Entries provided:
*-*-*

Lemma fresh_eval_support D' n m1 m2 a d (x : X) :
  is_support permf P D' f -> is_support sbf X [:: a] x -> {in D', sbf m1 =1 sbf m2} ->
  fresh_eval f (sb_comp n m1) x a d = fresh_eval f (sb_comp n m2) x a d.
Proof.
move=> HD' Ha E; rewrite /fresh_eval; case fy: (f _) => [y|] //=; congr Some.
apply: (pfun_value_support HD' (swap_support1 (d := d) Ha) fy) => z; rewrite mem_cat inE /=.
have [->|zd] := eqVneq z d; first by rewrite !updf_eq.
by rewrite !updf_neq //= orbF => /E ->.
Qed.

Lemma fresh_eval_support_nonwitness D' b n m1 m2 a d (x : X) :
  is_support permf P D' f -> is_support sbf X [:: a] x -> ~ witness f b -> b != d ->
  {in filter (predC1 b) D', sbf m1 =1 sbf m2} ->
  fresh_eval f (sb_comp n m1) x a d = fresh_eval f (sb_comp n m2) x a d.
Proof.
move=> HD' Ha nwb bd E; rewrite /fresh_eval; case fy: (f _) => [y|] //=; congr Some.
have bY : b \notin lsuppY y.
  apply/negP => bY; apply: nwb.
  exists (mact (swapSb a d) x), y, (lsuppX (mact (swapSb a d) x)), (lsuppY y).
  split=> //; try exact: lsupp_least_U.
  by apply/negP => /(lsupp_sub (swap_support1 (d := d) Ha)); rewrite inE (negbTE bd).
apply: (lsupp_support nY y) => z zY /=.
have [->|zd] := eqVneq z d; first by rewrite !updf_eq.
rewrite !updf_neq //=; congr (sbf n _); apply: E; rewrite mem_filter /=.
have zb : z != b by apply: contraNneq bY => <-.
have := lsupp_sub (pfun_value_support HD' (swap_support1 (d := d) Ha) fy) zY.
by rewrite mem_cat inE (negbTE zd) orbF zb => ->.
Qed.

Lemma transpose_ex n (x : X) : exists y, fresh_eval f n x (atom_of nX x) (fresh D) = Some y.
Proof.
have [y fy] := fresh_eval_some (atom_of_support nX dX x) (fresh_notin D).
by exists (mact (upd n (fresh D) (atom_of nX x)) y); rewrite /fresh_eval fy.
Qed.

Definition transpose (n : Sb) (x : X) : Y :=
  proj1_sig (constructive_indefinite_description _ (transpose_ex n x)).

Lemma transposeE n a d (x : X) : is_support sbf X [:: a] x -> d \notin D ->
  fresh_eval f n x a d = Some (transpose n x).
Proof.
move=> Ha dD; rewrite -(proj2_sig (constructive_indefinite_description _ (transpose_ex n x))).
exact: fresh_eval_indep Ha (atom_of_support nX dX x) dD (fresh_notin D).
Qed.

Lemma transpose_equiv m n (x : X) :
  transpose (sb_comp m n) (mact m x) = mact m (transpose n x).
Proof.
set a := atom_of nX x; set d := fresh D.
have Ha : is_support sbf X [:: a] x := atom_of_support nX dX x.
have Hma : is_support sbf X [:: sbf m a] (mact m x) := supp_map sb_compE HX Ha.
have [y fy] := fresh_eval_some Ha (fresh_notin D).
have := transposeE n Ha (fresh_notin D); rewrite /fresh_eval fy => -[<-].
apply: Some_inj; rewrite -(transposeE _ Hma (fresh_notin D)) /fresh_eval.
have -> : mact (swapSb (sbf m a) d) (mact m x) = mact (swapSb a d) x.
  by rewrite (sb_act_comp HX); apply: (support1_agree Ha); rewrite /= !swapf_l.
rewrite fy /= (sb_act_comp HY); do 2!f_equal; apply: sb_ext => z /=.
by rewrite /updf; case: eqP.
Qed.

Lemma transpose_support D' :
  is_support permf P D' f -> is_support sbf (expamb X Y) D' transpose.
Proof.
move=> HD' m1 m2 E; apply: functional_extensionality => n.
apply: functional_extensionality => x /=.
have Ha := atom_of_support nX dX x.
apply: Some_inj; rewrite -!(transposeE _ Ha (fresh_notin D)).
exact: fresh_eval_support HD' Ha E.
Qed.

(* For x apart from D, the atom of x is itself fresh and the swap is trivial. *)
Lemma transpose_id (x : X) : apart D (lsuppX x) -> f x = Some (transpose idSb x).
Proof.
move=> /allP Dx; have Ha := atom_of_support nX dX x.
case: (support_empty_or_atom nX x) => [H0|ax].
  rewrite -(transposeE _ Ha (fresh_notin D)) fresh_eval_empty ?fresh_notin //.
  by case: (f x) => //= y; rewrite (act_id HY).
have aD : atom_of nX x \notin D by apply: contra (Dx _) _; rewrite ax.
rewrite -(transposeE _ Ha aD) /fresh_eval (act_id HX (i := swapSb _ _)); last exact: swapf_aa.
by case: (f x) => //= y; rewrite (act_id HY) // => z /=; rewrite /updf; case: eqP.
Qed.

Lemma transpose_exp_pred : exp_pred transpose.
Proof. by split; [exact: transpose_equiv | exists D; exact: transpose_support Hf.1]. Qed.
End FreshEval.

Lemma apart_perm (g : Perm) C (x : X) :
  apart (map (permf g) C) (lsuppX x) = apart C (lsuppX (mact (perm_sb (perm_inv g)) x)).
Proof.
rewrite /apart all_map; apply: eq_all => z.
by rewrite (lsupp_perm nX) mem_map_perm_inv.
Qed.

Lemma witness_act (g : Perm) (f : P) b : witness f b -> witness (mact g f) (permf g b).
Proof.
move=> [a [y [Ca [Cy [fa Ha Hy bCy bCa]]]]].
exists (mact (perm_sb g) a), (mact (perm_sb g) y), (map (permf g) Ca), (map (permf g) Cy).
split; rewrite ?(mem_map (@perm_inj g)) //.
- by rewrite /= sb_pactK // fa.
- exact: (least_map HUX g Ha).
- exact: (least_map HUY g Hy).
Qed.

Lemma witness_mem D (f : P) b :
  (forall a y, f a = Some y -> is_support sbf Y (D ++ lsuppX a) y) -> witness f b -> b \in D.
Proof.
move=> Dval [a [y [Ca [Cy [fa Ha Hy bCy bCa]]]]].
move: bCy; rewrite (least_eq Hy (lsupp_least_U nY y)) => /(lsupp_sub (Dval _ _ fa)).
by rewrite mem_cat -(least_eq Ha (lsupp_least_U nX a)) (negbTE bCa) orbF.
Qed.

*-*-*

Directions:
Every record should be given again without alteration.

Result for this exercise:
Lemma fresh_eval_support D' n m1 m2 a d (x : X) :
  is_support permf P D' f -> is_support sbf X [:: a] x -> {in D', sbf m1 =1 sbf m2} ->
  fresh_eval f (sb_comp n m1) x a d = fresh_eval f (sb_comp n m2) x a d.
Proof.
move=> HD' Ha E; rewrite /fresh_eval; case fy: (f _) => [y|] //=; congr Some.
apply: (pfun_value_support HD' (swap_support1 (d := d) Ha) fy) => z; rewrite mem_cat inE /=.
have [->|zd] := eqVneq z d; first by rewrite !updf_eq.
by rewrite !updf_neq //= orbF => /E ->.
Qed.

Lemma fresh_eval_support_nonwitness D' b n m1 m2 a d (x : X) :
  is_support permf P D' f -> is_support sbf X [:: a] x -> ~ witness f b -> b != d ->
  {in filter (predC1 b) D', sbf m1 =1 sbf m2} ->
  fresh_eval f (sb_comp n m1) x a d = fresh_eval f (sb_comp n m2) x a d.
Proof.
move=> HD' Ha nwb bd E; rewrite /fresh_eval; case fy: (f _) => [y|] //=; congr Some.
have bY : b \notin lsuppY y.
  apply/negP => bY; apply: nwb.
  exists (mact (swapSb a d) x), y, (lsuppX (mact (swapSb a d) x)), (lsuppY y).
  split=> //; try exact: lsupp_least_U.
  by apply/negP => /(lsupp_sub (swap_support1 (d := d) Ha)); rewrite inE (negbTE bd).
apply: (lsupp_support nY y) => z zY /=.
have [->|zd] := eqVneq z d; first by rewrite !updf_eq.
rewrite !updf_neq //=; congr (sbf n _); apply: E; rewrite mem_filter /=.
have zb : z != b by apply: contraNneq bY => <-.
have := lsupp_sub (pfun_value_support HD' (swap_support1 (d := d) Ha) fy) zY.
by rewrite mem_cat inE (negbTE zd) orbF zb => ->.
Qed.

Lemma transpose_ex n (x : X) : exists y, fresh_eval f n x (atom_of nX x) (fresh D) = Some y.
Proof.
have [y fy] := fresh_eval_some (atom_of_support nX dX x) (fresh_notin D).
by exists (mact (upd n (fresh D) (atom_of nX x)) y); rewrite /fresh_eval fy.
Qed.

Definition transpose (n : Sb) (x : X) : Y :=
  proj1_sig (constructive_indefinite_description _ (transpose_ex n x)).

Lemma transposeE n a d (x : X) : is_support sbf X [:: a] x -> d \notin D ->
  fresh_eval f n x a d = Some (transpose n x).
Proof.
move=> Ha dD; rewrite -(proj2_sig (constructive_indefinite_description _ (transpose_ex n x))).
exact: fresh_eval_indep Ha (atom_of_support nX dX x) dD (fresh_notin D).
Qed.

Lemma transpose_equiv m n (x : X) :
  transpose (sb_comp m n) (mact m x) = mact m (transpose n x).
Proof.
set a := atom_of nX x; set d := fresh D.
have Ha : is_support sbf X [:: a] x := atom_of_support nX dX x.
have Hma : is_support sbf X [:: sbf m a] (mact m x) := supp_map sb_compE HX Ha.
have [y fy] := fresh_eval_some Ha (fresh_notin D).
have := transposeE n Ha (fresh_notin D); rewrite /fresh_eval fy => -[<-].
apply: Some_inj; rewrite -(transposeE _ Hma (fresh_notin D)) /fresh_eval.
have -> : mact (swapSb (sbf m a) d) (mact m x) = mact (swapSb a d) x.
  by rewrite (sb_act_comp HX); apply: (support1_agree Ha); rewrite /= !swapf_l.
rewrite fy /= (sb_act_comp HY); do 2!f_equal; apply: sb_ext => z /=.
by rewrite /updf; case: eqP.
Qed.

Lemma transpose_support D' :
  is_support permf P D' f -> is_support sbf (expamb X Y) D' transpose.
Proof.
move=> HD' m1 m2 E; apply: functional_extensionality => n.
apply: functional_extensionality => x /=.
have Ha := atom_of_support nX dX x.
apply: Some_inj; rewrite -!(transposeE _ Ha (fresh_notin D)).
exact: fresh_eval_support HD' Ha E.
Qed.

(* For x apart from D, the atom of x is itself fresh and the swap is trivial. *)
Lemma transpose_id (x : X) : apart D (lsuppX x) -> f x = Some (transpose idSb x).
Proof.
move=> /allP Dx; have Ha := atom_of_support nX dX x.
case: (support_empty_or_atom nX x) => [H0|ax].
  rewrite -(transposeE _ Ha (fresh_notin D)) fresh_eval_empty ?fresh_notin //.
  by case: (f x) => //= y; rewrite (act_id HY).
have aD : atom_of nX x \notin D by apply: contra (Dx _) _; rewrite ax.
rewrite -(transposeE _ Ha aD) /fresh_eval (act_id HX (i := swapSb _ _)); last exact: swapf_aa.
by case: (f x) => //= y; rewrite (act_id HY) // => z /=; rewrite /updf; case: eqP.
Qed.

Lemma transpose_exp_pred : exp_pred transpose.
Proof. by split; [exact: transpose_equiv | exists D; exact: transpose_support Hf.1]. Qed.
End FreshEval.

Lemma apart_perm (g : Perm) C (x : X) :
  apart (map (permf g) C) (lsuppX x) = apart C (lsuppX (mact (perm_sb (perm_inv g)) x)).
Proof.
rewrite /apart all_map; apply: eq_all => z.
by rewrite (lsupp_perm nX) mem_map_perm_inv.
Qed.

Lemma witness_act (g : Perm) (f : P) b : witness f b -> witness (mact g f) (permf g b).
Proof.
move=> [a [y [Ca [Cy [fa Ha Hy bCy bCa]]]]].
exists (mact (perm_sb g) a), (mact (perm_sb g) y), (map (permf g) Ca), (map (permf g) Cy).
split; rewrite ?(mem_map (@perm_inj g)) //.
- by rewrite /= sb_pactK // fa.
- exact: (least_map HUX g Ha).
- exact: (least_map HUY g Hy).
Qed.

Lemma witness_mem D (f : P) b :
  (forall a y, f a = Some y -> is_support sbf Y (D ++ lsuppX a) y) -> witness f b -> b \in D.
Proof.
move=> Dval [a [y [Ca [Cy [fa Ha Hy bCy bCa]]]]].
move: bCy; rewrite (least_eq Hy (lsupp_least_U nY y)) => /(lsupp_sub (Dval _ _ fa)).
by rewrite mem_cat -(least_eq Ha (lsupp_least_U nX a)) (negbTE bCa) orbF.
Qed.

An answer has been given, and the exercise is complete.